По спящей слободе горластые перекликались петухи, отбивали где-то близко «побудку» да высвистывала свою песню вьюга.
Из Самары вернулся в Казань Державин. Бибиков, одетый в теплый, на гусином пуху, шлафрок, принимал его в своем просторном кабинете. В углу, за ширмой, походная кровать генерал-аншефа. Хозяин пил горячий пунш, ему нездоровилось.
— Садитесь, поручик. Не стесняйтесь, курите. Михайлыч, подай-ка господину офицеру трубку, — обратился он к старому, толстому и ленивому слуге из крепостных. — Пуншу хотите, поручик?
— Не откажусь, ваше высокопревосходительство. Зело промерз с дороги — домой не заезжал, торопился к вам, о самарских делах доклад чинить.
— Ну, как дела?
— Прекрасны…
— Прекрасны?! — зябко передернув плечами и засунув руки в рукава, недоверчиво переспросил Бибиков, внимательно всматриваясь в обшарканное степными ветрами мужественное лицо Державина.

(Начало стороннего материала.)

(* Let $m,n\ge1$ and let $A\in\{0,1\}^{m\times n}$ have exactly three ones in each row. Let $x^0,\bar x^0\in\mathrm{NPadj}(A)$ be as defined in the context. Then $x^0$ and $\bar x^0$ are adjacent vertices of $\operatorname{conv}(\mathrm{NPadj}(A))$ if and only if $F_1=\emptyset$, equivalently if and only if $\mathrm{Part}(A)=\emptyset$.
   Context: **Definition of $\mathrm{NPadj}(A)$.** Let $m,n\ge1$ and let $A\in\{0,1\}^{m\times n}$ have exactly three ones in each row. Index the coordinates of $\mathbb{R}^{3n+3}$ by $y_1,y_2,y_3$ and by $x_j,\bar x_j,x'_j$ for $j\in[n]=\{1,\dots,n\}$. Then $\mathrm{NPadj}(A)$ is the set of vectors in $\{0,1\}^{3n+3}$ satisfying: - $x_j+\bar x_j=1$ for all $j\in[n]$; - $y_1+y_2+x'_j+\bar x_j=2$ for all $j\in[n]$; - for each row of $A$, with ones in columns $i<j<k$, the equation $y_3+x_i+x'_j+x'_k=2$. **Special points and sets.** - $x^0$ is the point with $y_1=y_2=y_3=0$, $x_j=0$ and $x'_j=\bar x_j=1$ for all $j\in[n]$. - $\bar x^0=\mathbf 1-x^0$. - $F_1=\{x\in\mathrm{NPadj}(A): y_1=0,y_2=1,y_3=1\}$. - $\mathrm{Part}(A)=\{z\in\{0,1\}^n: Az=\mathbf 1\}$. Two vertices are adjacent if their convex hull is an edge (1-dimensional face) of the polytope. *)

From HB Require Import structures.
From mathcomp Require Import all_boot all_order all_algebra.
Set Implicit Arguments. Unset Strict Implicit. Unset Printing Implicit Defensive.
Import Order.TTheory GRing.Theory Num.Theory.

(* Coordinates of R^(3n+3): inl k = y_(k+1);
   inr (0,j) = x_j, inr (1,j) = xbar_j, inr (2,j) = x'_j. *)
Definition coord (n : nat) := ('I_3 + 'I_3 * 'I_n)%type.
Definition o0 : 'I_3 := @Ordinal 3 0 isT.
Definition o1 : 'I_3 := @Ordinal 3 1 isT.
Definition o2 : 'I_3 := @Ordinal 3 2 isT.
Definition Yc n (k : 'I_3) : coord n := inl k.
Definition Xc n (j : 'I_n) : coord n := inr (o0, j).
Definition XBc n (j : 'I_n) : coord n := inr (o1, j).
Definition XPc n (j : 'I_n) : coord n := inr (o2, j).

Definition pt (n : nat) := {ffun coord n -> bool}.

Definition NPadj m n (A : 'M[nat]_(m, n)) : {set pt n} :=
  [set p : pt n |
    [forall j : 'I_n, nat_of_bool (p (Xc j)) + nat_of_bool (p (XBc j)) == 1]
 && [forall j : 'I_n, nat_of_bool (p (Yc n o0)) + nat_of_bool (p (Yc n o1))
                      + nat_of_bool (p (XPc j)) + nat_of_bool (p (XBc j)) == 2]
 && [forall r : 'I_m, forall i : 'I_n, forall j : 'I_n, forall k : 'I_n,
       [&& (i < j)%N, (j < k)%N, A r i == 1, A r j == 1 & A r k == 1] ==>
       (nat_of_bool (p (Yc n o2)) + nat_of_bool (p (Xc i))
        + nat_of_bool (p (XPc j)) + nat_of_bool (p (XPc k)) == 2)]].

Definition x0 n : pt n :=
  [ffun c : coord n => match c with inl _ => false | inr (t, _) => t != o0 end].
Definition xbar0 n : pt n := [ffun c => ~~ x0 n c].

Definition F1 m n (A : 'M[nat]_(m, n)) : {set pt n} :=
  [set p in NPadj A | [&& ~~ p (Yc n o0), p (Yc n o1) & p (Yc n o2)]].

Definition Part m n (A : 'M[nat]_(m, n)) : {set {ffun 'I_n -> bool}} :=
  [set z : {ffun 'I_n -> bool} |
     [forall r : 'I_m, \sum_(j < n) A r j * nat_of_bool (z j) == 1]].

Local Open Scope ring_scope.

Definition emb (R : realFieldType) n (p : pt n) : coord n -> R :=
  fun c => (nat_of_bool (p c))%:R.
Arguments emb R {n} p c.

Definition conv (R : realFieldType) n (S : {set pt n}) (x : coord n -> R) : Prop :=
  exists l : pt n -> R,
    [/\ forall p, 0 <= l p,
        forall p, p \notin S -> l p = 0,
        \sum_p l p = 1
      & forall c, x c = \sum_p l p * emb R p c].
Arguments conv R {n} S x.

Definition dot (R : realFieldType) n (w x : coord n -> R) : R :=
  \sum_(c : coord n) w c * x c.
Arguments dot {R n} w x.

Definition is_face (R : realFieldType) n (S : {set pt n}) (F : (coord n -> R) -> Prop) : Prop :=
  exists w : coord n -> R, forall x,
    F x <-> (conv R S x /\ forall y, conv R S y -> dot w y <= dot w x).
Arguments is_face R {n} S F.

Definition is_vertex (R : realFieldType) n (S : {set pt n}) (u : pt n) : Prop :=
  is_face R S (fun x => forall c, x c = emb R u c).
Arguments is_vertex R {n} S u.

(* u, v adjacent vertices: distinct vertices whose convex hull (a segment,
   hence 1-dimensional) is a face *)
Definition adjacent (R : realFieldType) n (S : {set pt n}) (u v : pt n) : Prop :=
  [/\ u != v, is_vertex R S u, is_vertex R S v & is_face R S (conv R [set u; v])].
Arguments adjacent R {n} S u v.

From Pilot Require Import Defs.
From HB Require Import structures.
From mathcomp Require Import all_boot all_order all_algebra.
From mathcomp Require Import zify ring lra.
Set Implicit Arguments. Unset Strict Implicit. Unset Printing Implicit Defensive.
Import Order.TTheory GRing.Theory Num.Theory.

(* A point of NPadj(A) with y1 <> y2 has x' = x, and the row equations then say
   exactly that z_j := [x_j = y3] solves Az = 1; conversely every solution z
   gives such a point with (y1, y2, y3) = (0, 1, 1).  A point with y1 = y2 is
   forced to be x0 or its complement.  So if Part(A) is empty, NPadj(A) is just
   {x0, xbar0} and the segment is trivially an edge.  If instead p lies in F1,
   then p and its complement have the same midpoint (all coordinates 1/2) as x0
   and xbar0; a face containing the midpoint of two points of the polytope
   contains both, so p would lie on the segment, whose points all have
   y1 = y2. *)

Lemma ord3_cases (k : 'I_3) : k = o0 \/ k = o1 \/ k = o2.
Proof.
case: k => [[|[|[|k]]] Hk] //.
- by left; apply/val_inj.
- by right; left; apply/val_inj.
- by right; right; apply/val_inj.
Qed.

Lemma pt_ext n (p q : pt n) :
  (forall k, p (Yc n k) = q (Yc n k)) -> (forall j, p (Xc j) = q (Xc j)) ->
  (forall j, p (XBc j) = q (XBc j)) -> (forall j, p (XPc j) = q (XPc j)) -> p = q.
Proof.
move=> HY HX HB HP; apply/ffunP => [[k|[t j]]]; first exact: HY.
by case: (ord3_cases t) => [->|[->|->]]; [apply: HX|apply: HB|apply: HP].
Qed.

Definition ptC n (p : pt n) : pt n := [ffun c => ~~ p c].

Lemma ptCK n : involutive (@ptC n).
Proof. by move=> p; apply/ffunP => c; rewrite !ffunE negbK. Qed.

Lemma xbar0E n : xbar0 n = ptC (x0 n).
Proof. by []. Qed.

Lemma x0_neq_xbar0 n : x0 n != xbar0 n.
Proof. by apply/eqP => /ffunP /(_ (Yc n o0)); rewrite !ffunE. Qed.

Section NPadj.

Variables (m n : nat) (A : 'M[nat]_(m, n)).
Hypothesis A01 : forall i j, (A i j <= 1)%N.
Hypothesis A_row3 : forall i, (\sum_(j < n) A i j = 3)%N.

Lemma row_sum_support r (i j k : 'I_n) :
  (i < j < k)%N -> A r i = 1%N -> A r j = 1%N -> A r k = 1%N ->
  forall f : 'I_n -> nat, (\sum_l A r l * f l = f i + f j + f k)%N.
Proof.
move=> /andP [ij jk] Ai Aj Ak f.
have ji : j != i by rewrite neq_ltn ij orbT.
have ki : k != i by rewrite neq_ltn (ltn_trans ij jk) orbT.
have kj : k != j by rewrite neq_ltn jk orbT.
have rest_eq0 l : (l != i) && (l != j) && (l != k) -> A r l = 0%N.
  move=> lijk; apply/eqP; move: (A_row3 r) lijk.
  rewrite (bigD1 i) // (bigD1 j) //= (bigD1 k) /=; last by rewrite ki kj.
  rewrite Ai Aj Ak => /eqP; rewrite !add1n !eqSS => /eqP /eqP.
  by rewrite sum_nat_eq0 => /forallP /(_ l) /implyP.
rewrite (bigD1 i) // (bigD1 j) //= (bigD1 k) /=; last by rewrite ki kj.
by rewrite big1 => [|l /rest_eq0 ->] //; rewrite Ai Aj Ak; lia.
Qed.

Lemma row_ones r :
  exists i j k : 'I_n, [/\ (i < j < k)%N, A r i = 1%N, A r j = 1%N & A r k = 1%N].
Proof.
pose S := [set l | A r l == 1%N].
have cardS : #|S| = 3.
  rewrite -(A_row3 r) -sum1_card big_mkcond /=; apply: eq_bigr => l _.
  by rewrite inE; have := A01 r l; case: (A r l) => [|[|]].
have sortedS : sorted (fun x y : 'I_n => (x < y)%N) (enum S).
  apply: sorted_filter; first exact: ltn_trans.
  by have := iota_ltn_sorted 0 n; rewrite -val_enum_ord sorted_map enumT.
have inS x : x \in enum S -> A r x = 1%N by rewrite mem_enum inE => /eqP.
move: cardS sortedS inS; rewrite cardE; case: (enum S) => [|a [|b [|c [|]]]] //= _.
move=> /and3P [ab bc _] inS.
by exists a, b, c; split; rewrite ?ab ?inS // !inE eqxx ?orbT.
Qed.

Lemma NPadjP (p : pt n) : reflect
  [/\ forall j, (p (Xc j) + p (XBc j) = 1)%N,
      forall j, (p (Yc n o0) + p (Yc n o1) + p (XPc j) + p (XBc j) = 2)%N
    & forall r (i j k : 'I_n), (i < j < k)%N -> A r i = 1%N -> A r j = 1%N -> A r k = 1%N ->
        (p (Yc n o2) + p (Xc i) + p (XPc j) + p (XPc k) = 2)%N]
  (p \in NPadj A).
Proof.
rewrite inE; apply: (iffP idP).
- move=> /andP [/andP [/forallP Hx /forallP Hy] /forallP Hr]; split.
  + by move=> j; apply/eqP.
  + by move=> j; apply/eqP.
  + move=> r i j k /andP [ij jk] Ai Aj Ak; apply/eqP.
    move: (Hr r) => /forallP /(_ i) /forallP /(_ j) /forallP /(_ k) /implyP; apply.
    by rewrite ij jk Ai Aj Ak.
- move=> [Hx Hy Hr]; apply/andP; split; first (apply/andP; split).
  + by apply/forallP => j; apply/eqP.
  + by apply/forallP => j; apply/eqP.
  + apply/forallP => r; apply/forallP => i; apply/forallP => j; apply/forallP => k.
    apply/implyP => /and5P [ij jk /eqP Ai /eqP Aj /eqP Ak].
    by apply/eqP; apply: (Hr r); rewrite ?ij.
Qed.

Lemma x0_in_NPadj : x0 n \in NPadj A.
Proof. by apply/NPadjP; split=> *; rewrite !ffunE. Qed.

Lemma ptC_in_NPadj p : p \in NPadj A -> ptC p \in NPadj A.
Proof.
move=> /NPadjP [Hx Hy Hr]; apply/NPadjP; split=> [j|j|r i j k ijk Ai Aj Ak].
- by move: (Hx j); rewrite !ffunE; case: (p (Xc j)); case: (p (XBc j)).
- move: (Hy j); rewrite !ffunE.
  by case: (p (Yc n o0)); case: (p (Yc n o1)); case: (p (XPc j)); case: (p (XBc j)).
- move: (Hr r i j k ijk Ai Aj Ak); rewrite !ffunE.
  by case: (p (Yc n o2)); case: (p (Xc i)); case: (p (XPc j)); case: (p (XPc k)).
Qed.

— Прекрасны, да не совсем…
— То-то же! Ну, излагай, голубчик.
Державин жадно отхлебнул горячего пунша и начал:
— Как известно вашему высокопревосходительству, Самара была занята атаманом изувера Пугачёва Араповым в самый праздник рождества христова. Вы изволили приказать майору Муфелю двинуться из Сызрани на освобождение Самары, а подполковнику Гриневу выступить из Симбирска и идти на соединение с Муфелем. В конце декабря Муфель подошел к Самаре. Мятежники открыли по его отряду огонь из восьми пушек. Муфель атаковал врага в лоб и выгнал его из города штыками, захватив в плен двести человек и все орудия.